Competition assay in vivo

The streptomycin-treated adult mouse model was used to assess ROS resistance in vivo for cbs deletion and complement strain, compared with C6706 wild-type, as previously described [7] with the following modifications. Five-week-old CD-1 mice were supplied with drinking water with or without 10 g/L of the antioxidant N-acetyl cysteine (NAC) for one week. Afterwards, 5 g/L streptomycin and 0.05 g/L aspartame were added to the drinking water for the rest of the experiment. One day after streptomycin treatment, mice were administrated with 100 μl of 10% (wt/vol) NaHCO₃ by gavage, then intragastrically administered with 100 μl of a 1:1 mixture of wild-type and mutant V. cholerae (approximately 10⁹ CFU for each strain per mouse). Fecal pellets were collected from each mouse at 1, 3, and 5 days post gavage, homogenized by bead beating, and resuspended in PBS buffer, serially diluted, and plated on LB agar containing streptomycin and 5-bromo-4-chloro-3-indolyl-β-D-galactopyranoside (X-gal) for quantification of bacterial loads. Competition index was calculated as the ratio of mutant to wild-type colonies normalized with the input ratio. Competition assay was also conducted for ΔcbsΔdps and Δcbs in streptomycin-treated adult mouse model to examine the correlation between cbs-dependent ROS resistance and iron.

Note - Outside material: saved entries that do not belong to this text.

Section Rearrangements.
Variable T : eqType.
Implicit Types (a : T) (xs s : seq T).

Lemma prod_fact_count_mem_rem {xs s a} : uniq xs -> a \in xs -> a \in s ->
  \prod_(b <- xs) (count_mem b s)`! =
  count_mem a s * \prod_(b <- xs) (count_mem b (rem a s))`!.
Proof.
move=> uxs ax as_; rewrite !(bigD1_seq a) //= count_mem_rem eqxx mulnA.
have /prednK <- : 0 < count_mem a s by rewrite -has_count has_pred1.
rewrite subn1 /= -factS; congr (_ * _); apply: eq_bigr => b /negbTE ba.
by rewrite count_mem_rem eq_sym ba subn0.
Qed.

Lemma uniq_perm_eq_size_le xs s0 (ss : seq (seq T)) :
  uniq xs -> all (mem xs) s0 -> uniq ss -> all (perm_eq s0) ss ->
  size ss * \prod_(a <- xs) (count_mem a s0)`! <= (size s0)`!.
Proof.
move=> uxs; move sz_s0: (size s0) => n; elim: n s0 ss sz_s0 => [|n IH] s0 ss.
  move/eqP; rewrite size_eq0 => /eqP -> _ uss /allP pss.
  rewrite big1 ?muln1 // (@uniq_leq_size _ ss [:: [::]]) // => s /pss.
  by rewrite perm_sym => /perm_nilP ->; rewrite mem_seq1.
move=> sz_s0 s0xs uss /allP pss.
pose ss_ a := [seq behead s | s <- ss & ohead s == Some a].
have size_ss : size ss = \sum_(a <- xs) size (ss_ a).
  have uSxs : uniq (map Some xs) by rewrite (map_inj_uniq (@Some_inj _)).
  rewrite -(size_map ohead) -(sum_count_mem uSxs); last first.
    apply/allP => _ /mapP[s /pss s0s ->]; have := perm_size s0s.
    rewrite sz_s0; case: s s0s => // y s /perm_mem/(_ y); rewrite mem_head => ys0 _.
    by rewrite /= map_f //; apply: (allP s0xs).
  by rewrite big_map; apply: eq_bigr => a _; rewrite size_map size_filter count_map.
rewrite size_ss big_distrl /= factS -sz_s0 -(sum_count_mem uxs s0xs) big_distrl /=.
rewrite big_seq [X in _ <= X]big_seq; apply: leq_sum => a ax.
have [as0|as0] := boolP (a \in s0); last first.
  suff -> : ss_ a = [::] by [].
  apply/nilP; rewrite /nilp size_map size_filter -leqn0 leqNgt -has_count.
  apply/hasP => -[[|y s] //= /pss /perm_mem s0s /eqP[ya]].
  by move: as0; rewrite s0s ya mem_head.
rewrite (prod_fact_count_mem_rem uxs ax as0) mulnCA leq_mul2l; apply/orP; right.
apply: IH.
- by rewrite size_rem // sz_s0.
- by apply/allP => b /mem_rem /(allP s0xs).
- rewrite map_inj_in_uniq ?filter_uniq // => s t.
  rewrite !mem_filter => /andP[+ _] /andP[+ _].
  by case: s => [|y s]; case: t => [|z t] //= /eqP[->] /eqP[->] ->.
- apply/allP => t /mapP[[|y s] + ->]; rewrite mem_filter //= => /andP[/eqP[->] /pss s0s].
  by rewrite -(perm_cons a) -(permPl (perm_to_rem as0)).
Qed.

Five-day-old CD-1 mice were transferred to the 30°C incubator 2 hrs before inoculation. Mice were intragastrically administrated with 50 μl of 1:1 mixture of wild-type and mutant V. cholerae (approximately 10⁶ CFU for each strain per mouse), then put back into the 30°C incubators. Infant mice were sacrificed 18 hrs post gavage. Samples of the small intestine of each mouse were removed and homogenized in 1.5 ml of PBS buffer, serially diluted, and then plated on LB agar containing streptomycin and X-gal for quantification of bacterial loads. Competition index was calculated as the ratio of mutant to wild-type colonies normalized with the input ratio.